Dataset excerpts ::
*** Begin section ***

Lemma energy_step {t : nat} {G : R} : 0 <= G -> bounded_upto a b t G -> (2 * m + 3 <= t)%N ->
  `|energy a b t.+1 - energy a b t - h ^+ 2 * (2 * m%:R - 1) * energy a b t|
    <= 216 * (m%:R + 1) ^+ 2 * h ^+ 3 * G ^+ 2.
Proof.
move=> G0 B le_t.
have t_ge1 : (1 <= t)%N by lia.
have tm_gt0 : (0 < t - m)%N by lia.
have tm1_gt0 : (0 < t - m.+1)%N by lia.
have [at_le bt_le] : `|a t| <= G /\ `|b t| <= G by apply: B.
have [Fa_near Fb_near] := feedback_near 0 G0 B le_t (leq0n _).
have [Fa_le Fb_le] := feedback_bounded t G0 B (leqnn t).
have Cm := cross_lag_near G0 B le_t m (leqnSn m).
have Cm1 := cross_lag_near G0 B le_t m.+1 (leqnn m.+1).
rewrite subn0 in Fa_near Fb_near.
rewrite /energy; have [-> ->] := dyn t t_ge1.
move: Fa_near Fb_near Fa_le Fb_le; rewrite /feedback !zext_pos //.
move=> Fa_near Fb_near Fa_le Fb_le.
rewrite /energy -[m.+1%:R]natr1 in Cm Cm1.
rewrite energy_step_identity.
have scale (c x u : R) : 0 <= c -> `|x| <= u -> `|c * x| <= c * u.
  by move=> c0 xu; rewrite normrM ger0_norm // ler_wpM2l.
have sum_le (x y : R) : `|x| <= 3 * G -> `|y| <= G -> `|x + y| <= 4 * G.
  move=> xG yG; apply: le_trans (ler_normD _ _) _.
  by rewrite (_ : 4 * G = 3 * G + G); [exact: lerD | ring].
have prod (x y u v : R) : `|x| <= u -> `|y| <= v -> `|x * y| <= u * v.
  by move=> xu yv; rewrite normrM; apply: ler_pM.
have h2_ge0 : 0 <= h ^+ 2 by apply: exprn_ge0.
have h4 : 0 <= 4 * h by rewrite mulr_ge0.
have h2 : 0 <= 2 * h by rewrite mulr_ge0.
apply: le_trans (ler_norm_combination (scale _ _ _ h4 Cm) (scale _ _ _ h2 Cm1)
  (scale _ _ _ h2_ge0 (prod _ _ _ _ Fa_near (sum_le _ _ Fa_le at_le)))
  (scale _ _ _ h2_ge0 (prod _ _ _ _ Fb_near (sum_le _ _ Fb_le bt_le)))) _.
by rewrite le_eqVlt; apply/orP; left; apply/eqP; ring.
Qed.

Lemma early_phase (P : nat) (g : R) : (0 < P)%N -> 0 <= g -> `|a 1%N| <= g -> `|b 1%N| <= g ->
  6 * h * P%:R <= 1 ->
  bounded_upto a b P (2 * g) /\ energy a b 1 - 36 * h * P%:R * g ^+ 2 <= energy a b P.
Proof.
move=> P_gt0 g0 a1_le b1_le hP.
have small i : (i < P)%N -> 6 * h * i%:R <= 1.
  move=> lt_iP; apply: le_trans hP; rewrite -!mulrA ler_wpM2l // ler_wpM2l //.
  by rewrite ler_nat ltnW.
have drift i : (i < P)%N -> bounded_upto a b i.+1 (2 * g) /\
    `|a i.+1 - a 1%N| <= 6 * h * i%:R * g /\ `|b i.+1 - b 1%N| <= 6 * h * i%:R * g.
  elim: i => [|i IH] lt_iP.
    rewrite !subrr normr0 mulr0n mulr0 mul0r; split=> // r r_gt0 le_r1.
    by rewrite (_ : r = 1%N); [split; lra | lia].
  have [B [/ler_normlP[? ?] /ler_normlP[? ?]]] := IH (ltnW lt_iP).
  have [/ler_normlP[? ?] /ler_normlP[? ?]] :=
    step_bounded (ltac:(lra) : 0 <= 2 * g) B (ltn0Sn i).
  have := small _ lt_iP; rewrite -natr1 => small_i.
  have hg : 6 * h * (i%:R + 1) * g <= g by nra.
  move/ler_normlP: a1_le => [? ?]; move/ler_normlP: b1_le => [? ?].
  split; last by split; apply/ler_normlP; split; nra.
  move=> r r_gt0; rewrite leq_eqVlt => /orP[/eqP -> | ]; last by apply: B.
  by split; apply/ler_normlP; split; nra.
have [B [aP bP]] := drift P.-1 ltac:(lia).
rewrite prednK // in B aP bP.
have e_le : 6 * h * P.-1%:R * g <= g by have := small _ (ltac:(lia) : (P.-1 < P)%N); nra.
have sq_lower (x y : R) : `|x - y| <= 6 * h * P.-1%:R * g -> `|y| <= g ->
    y ^+ 2 - 18 * (h * g ^+ 2 * P.-1%:R) <= x ^+ 2.
  move=> /ler_normlP[? ?] /ler_normlP[? ?].
  rewrite (_ : 18 * _ = 3 * (6 * h * P.-1%:R * g) * g); [nra | ring].
have := sq_lower _ _ aP a1_le; have := sq_lower _ _ bP b1_le.
have : h * g ^+ 2 * P.-1%:R <= h * g ^+ 2 * P%:R.
  by rewrite ler_wpM2l ?mulr_ge0 ?sqr_ge0 // ler_nat leq_pred.
rewrite /energy (_ : 36 * h * P%:R * g ^+ 2 = 36 * (h * g ^+ 2 * P%:R)); [by split => //; lra | ring].
Qed.

Lemma energy_le_of_bounded {t : nat} {G : R} r : bounded_upto a b t G ->
  (0 < r)%N -> (r <= t)%N -> energy a b r <= 2 * G ^+ 2.
Proof. by move=> B r_gt0 le_r; have [] := B r r_gt0 le_r; apply: sqr_add_le_of_norm. Qed.

Lemma energy_increment {u : nat} {g c : R} : (1 <= m)%N -> h <= 1 -> 0 <= g ->
  bounded_upto a b u (4 * g) -> (2 * m + 3 <= u)%N -> 2 * c <= energy a b u ->
  3456 * (m%:R + 1) ^+ 2 * h * g ^+ 2 <= c ->
  h ^+ 2 * c <= energy a b u.+1 - energy a b u
    <= 4000 * (m%:R + 1) ^+ 2 * h ^+ 2 * g ^+ 2.
Proof.
move=> m_ge1 h_le1 g0 B le_u.
have u_gt0 : (0 < u)%N by lia.
move=> Nc hc.
have N0 : 0 <= energy a b u by rewrite addr_ge0 ?sqr_ge0.
have N_le : energy a b u <= 32 * g ^+ 2.
  by rewrite (_ : 32 * g ^+ 2 = 2 * (4 * g) ^+ 2); [exact: energy_le_of_bounded B _ _ | ring].
have K := energy_step (mulr_ge0 (ler0n _ 4) g0) B le_u.
have m1 : 1 <= m%:R :> R by rewrite ler1n.
exact: energy_increment_arith h_ge0 h_le1 m1 N0 N_le Nc hc K.
Qed.

Lemma growth_phase {g c : R} (L : nat) : (1 <= m)%N -> h <= 1 -> 0 <= g ->
  bounded_upto a b (2 * m + 3) (2 * g) -> 2 * c <= energy a b (2 * m + 3) ->
  3456 * (m%:R + 1) ^+ 2 * h * g ^+ 2 <= c ->
  L%:R * (4000 * (m%:R + 1) ^+ 2 * h ^+ 2 * g ^+ 2) <= 8 * g ^+ 2 ->
  forall t, (t <= L)%N ->
  [/\ bounded_upto a b (2 * m + 3 + t) (4 * g),
      energy a b (2 * m + 3) + t%:R * (h ^+ 2 * c) <= energy a b (2 * m + 3 + t) &
      energy a b (2 * m + 3 + t)
        <= energy a b (2 * m + 3) + t%:R * (4000 * (m%:R + 1) ^+ 2 * h ^+ 2 * g ^+ 2)].
Proof.
move=> m_ge1 h_le1 g0 BP Nc hc hL.
have P_gt0 : (0 < 2 * m + 3)%N by rewrite addn_gt0 orbT.
have NP_le : energy a b (2 * m + 3) <= 8 * g ^+ 2.
  by rewrite (_ : 8 * g ^+ 2 = 2 * (2 * g) ^+ 2); [exact: energy_le_of_bounded BP _ _ | ring].
have c0 : 0 <= c.
  apply: le_trans hc.
  exact: mulr_ge0 (mulr_ge0 (mulr_ge0 (ler0n _ _) (sqr_ge0 _)) h_ge0) (sqr_ge0 _).
have h2c0 : 0 <= h ^+ 2 * c := mulr_ge0 (sqr_ge0 _) c0.
have D0 : 0 <= 4000 * (m%:R + 1) ^+ 2 * h ^+ 2 * g ^+ 2.
  exact: mulr_ge0 (mulr_ge0 (mulr_ge0 (ler0n _ _) (sqr_ge0 _)) (sqr_ge0 _)) (sqr_ge0 _).
elim=> [|t IH] le_tL.
  rewrite addn0 mulr0n !mul0r !addr0; split => // r r_gt0 le_r.
  have two_four : 2 * g <= 4 * g by rewrite ler_wpM2r // ler_nat.
  by have [? ?] := BP r r_gt0 le_r; split; apply: le_trans two_four.
have [B lo up] := IH (ltnW le_tL).
have Nc_t : 2 * c <= energy a b (2 * m + 3 + t).
  by apply: le_trans Nc (le_trans _ lo); rewrite lerDl mulr_ge0.
have inc := energy_increment m_ge1 h_le1 g0 B (leq_addr t _) Nc_t hc.
have tD : (t%:R + 1) * (4000 * (m%:R + 1) ^+ 2 * h ^+ 2 * g ^+ 2) <= 8 * g ^+ 2.
  by apply: le_trans hL; rewrite ler_wpM2r // natr1 ler_nat.
have [lo' up' small] := growth_step_arith lo up inc NP_le tD.
rewrite addnS -[t.+1%:R]natr1; split => //.
move=> r r_gt0; rewrite leq_eqVlt => /orP[/eqP -> | ]; last exact: B.
by apply: norm_le_of_sqr_add; rewrite ?mulr_ge0.
Qed.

*** End section ***

Problem to solve ::
Using the data above, show each line where "exact" occurs.

Exercise result ::
  by rewrite (_ : 4 * G = 3 * G + G); [exact: lerD | ring].
  by rewrite (_ : 32 * g ^+ 2 = 2 * (4 * g) ^+ 2); [exact: energy_le_of_bounded B _ _ | ring].
exact: energy_increment_arith h_ge0 h_le1 m1 N0 N_le Nc hc K.
  by rewrite (_ : 8 * g ^+ 2 = 2 * (2 * g) ^+ 2); [exact: energy_le_of_bounded BP _ _ | ring].
  exact: mulr_ge0 (mulr_ge0 (mulr_ge0 (ler0n _ _) (sqr_ge0 _)) h_ge0) (sqr_ge0 _).
  exact: mulr_ge0 (mulr_ge0 (mulr_ge0 (ler0n _ _) (sqr_ge0 _)) (sqr_ge0 _)) (sqr_ge0 _).
move=> r r_gt0; rewrite leq_eqVlt => /orP[/eqP -> | ]; last exact: B.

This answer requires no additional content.